5. Pharyngeal Gland.—The pharyngeal gland appears just at the beginning of the fourth stage behind the lateral nasal gland along the groove separating cavum principale and recessus lateralis (called the super-lateral groove). It extends posteriorly and runs over the roof of the choana and down the medial wall of it (Text-figs. 24 and 26).

Careful as Hinsberg’s work (1901) was, he left a big gap in the ontogeny of the nasal organ. The changes described in the fourth stage were completely overlooked by that author. The shrinkage of the organ during metamorphosis is interesting and, as far as I know, has not been reported by previous writers.

With regard to the question whether the primitive choana opens into the endodermal or ectodermal part of the oral cavity, it is sufficient to discuss the investigations of two authors, Kurepina (1931) and Watanabe (1936), who paid special attention to this point.

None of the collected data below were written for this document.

(* Along [v] the [g i] with [i != i0] and [fk lam] are affine and nonincreasing,
   while [g i0] is strictly convex: stop where [g i0] vanishes. *)
Lemma push_to_boundary x : (forall i, g i x <= 0) ->
  exists2 y, forall i, g i y <= 0 & f y <= fk lam x.
Proof.
move=> x_feas.
have vBv_gt0 : 0 < dot v (B i0 *m v) by have := B0pd v_neq0; rewrite /dot mulmxA.
have [t t_ge0 g0y] := quadratic_root_nonneg (dot (grad (B i0) (b i0) x) v)
  (x_feas i0) vBv_gt0.
have {}g0y : g i0 (x + t *: v) = 0 by rewrite quadf_shift.
have Hsym : symmx (A + lam *: B i0) by exact/symmxD/symmxZ.
exists (x + t *: v) => [i|].
  have [->|/v_other [Biv biv]] := eqVneq i i0; first by rewrite g0y.
  rewrite quadf_shift_ker //; have := x_feas i.
  by have := mulr_ge0_le0 t_ge0 biv; lra.
rewrite -[f _]addr0 -(mulr0 lam) -g0y -quadf_penalizedE quadf_shift_ker //.
by have := mulr_ge0_le0 t_ge0 v_descent; lra.
Qed.

Variable xbar : 'cV[F]_n.
Hypothesis xbar_feas : forall i, g i xbar <= 0.
Hypothesis xbar_min : forall x, (forall i, g i x <= 0) -> f xbar <= f x.

Lemma convex_reformulation : exists k, [/\ 0 <= k, psd (A + k *: B i0),
  k * g i0 xbar = 0 & forall x, (forall i, g i x <= 0) -> fk k xbar <= fk k x].
Proof.
have [lam_gt0|lam_le0] := ltrP 0 lam.
  have kg0_le0 := mulr_ge0_le0 (ltW lam_gt0) (xbar_feas i0).
  exists lam; split=> [|//||x x_feas]; first exact: ltW.
    have [y y_feas fy] := push_to_boundary xbar_feas.
    by have := xbar_min y_feas; rewrite quadf_penalizedE in fy; lra.
  have [y y_feas fy] := push_to_boundary x_feas.
  by have := xbar_min y_feas; rewrite quadf_penalizedE; lra.
exists 0; split=> [//| | |x x_feas].
- rewrite scale0r addr0 -[A](addrK (lam *: B i0)) -scaleNr.
  by apply: psdD => //; apply: psdZ; rewrite ?oppr_ge0.
- by rewrite mul0r.
- by rewrite !quadf_penalizedE !mul0r !addr0; apply: xbar_min.
Qed.
End ConvexReformulation.

Unset Implicit Arguments.

Theorem proposition5p2 (R : realType) (n m : nat)
  (A : 'M[R]_n) (a : 'cV[R]_n) (alpha : R)
  (B : 'I_m -> 'M[R]_n) (b : 'I_m -> 'cV[R]_n) (beta : 'I_m -> R)
  (hA : symmx A)
  (hBs : forall i, symmx (B i))
  (hBpsd : forall i, psd (B i))
  (i0 : 'I_m) (lam : R)
  (hB0 : pd (B i0))
  (H1 : psd (A + lam *: B i0))
  (H2 : exists2 v : 'cV[R]_n, v != 0 &
          [/\ (A + lam *: B i0) *m v = 0,
              sc ((a + lam *: b i0)^T *m v) <= 0 &
              forall i, i != i0 -> B i *m v = 0 /\ sc ((b i)^T *m v) <= 0])
  (slater : exists x0 : 'cV[R]_n, forall i, quadf (B i) (b i) (beta i) x0 < 0)
  (xbar : 'cV[R]_n)
  (hfeas : forall i, quadf (B i) (b i) (beta i) xbar <= 0) :
  (forall x : 'cV[R]_n, (forall i, quadf (B i) (b i) (beta i) x <= 0) ->
     quadf A a alpha xbar <= quadf A a alpha x)
  <->
  (exists mu : 'I_m -> R,
     (forall i, 0 <= mu i) /\
     [/\ 2%:R *: ((A + \sum_i mu i *: B i) *m xbar) + (a + \sum_i mu i *: b i) = 0,
         (forall i, mu i * quadf (B i) (b i) (beta i) xbar = 0) &
         psd (A + \sum_i mu i *: B i)]).
Proof.
split=> [xbar_min|[mu [mu_ge0 [grad0 compl Lpsd]]]]; last first.
  exact: (kkt_sufficient alpha hA hBs mu_ge0 grad0 compl Lpsd).
have [v v_neq0 [v_ker v_descent v_other]] := H2; have [x0 x0_slater] := slater.
have [k [k_ge0 Hpsd kg0 xbar_minH]] :=
  convex_reformulation hA hBs hBpsd hB0 H1 v_neq0 v_ker v_descent v_other hfeas xbar_min.
have Hsym : symmx (A + k *: B i0) by exact/symmxD/symmxZ.
have [mu mu_ge0 [grad0 compl]] := kkt_necessary Hsym hBs hfeas xbar_minH hBpsd x0_slater.
exists (fun i => mu i + (if i == i0 then k else 0)); split.
  by move=> i; rewrite addr_ge0 //; case: ifP.
rewrite !lagrangian_shift; split=> [//|i|]; last exact: psd_lagrangian.
by rewrite mulrDl compl add0r; case: eqP => [->|]; rewrite ?mul0r.
Qed.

Kurepina made reconstructions from sagittal sections. Such sections show plainly a lateral constriction on either side of the oral cavity. Kurepina took this constriction to be the vestige of the pharyngeal membrane. Since this membrane marks the meeting place of the two embryonic layers, Kurepina concludes that the choanal opening, which is anterior to the constriction, must be ectodermal. In Rana nigromaculata such a pair of lateral constrictions is also present (Text-fig. 15). My reconstructed model of the head of nigromaculata at this stage shows structures identical with that illustrated by Kurepina (cf. Text-fig. 15 with Kurepina’s fig. 15, p. 26). But the lateral constriction in nigromaculata does not represent a vestige of the pharyngeal membrane. It is a constriction near the front end of the primitive pharynx. The endoderm on the upper part of the oral cavity stretches far beyond it and the pharyngeal membrane is formed in front of this pair of lateral constrictions (Text-figs. 12, 13, and 14). At the time of the formation of the primitive choana this membrane has ruptured and left no vestige to serve as a guide. Microscopic observations show, however, that the tissue into which the choana opens is definitely endodermal. Evidently Kurepina made nd careful microscopic observation of his sections, but relied solely on his models which could not reveal detailed histological structure. One has reason to suspect that what is true of Rana nigromaculata also obtains in Pelobates fuscus, which he figured, and perhaps in other amphibians he studied.

Watanabe (1986) also believes that the choana opens into the ectoderm, but gives no clear evidence to support his contention. He made his studies on cross-sections only. From my experience such sections are unsuitable for the elucidation of this point. To ascertain whether the choana opens into the ectoderm or endoderm, it is desirable that these two layers be well represented in a given section so that they can be easily compared and one is certain which layer he has under view. For such studies, sagittal sections should be employed. In a cross-section generally only one or the other of these embryonic layers is present, or, when both are included, they are represented by fragments which do not lend themselves to such comparative studies. I have cross-sections which closely resemble the figures in Watanabe’s paper but which proved worthless for determining the nature of the choanal opening. It is only after one has familiarized oneself with the character of these two layers by studying sagittal sections that one can tell them apart in cross-sections.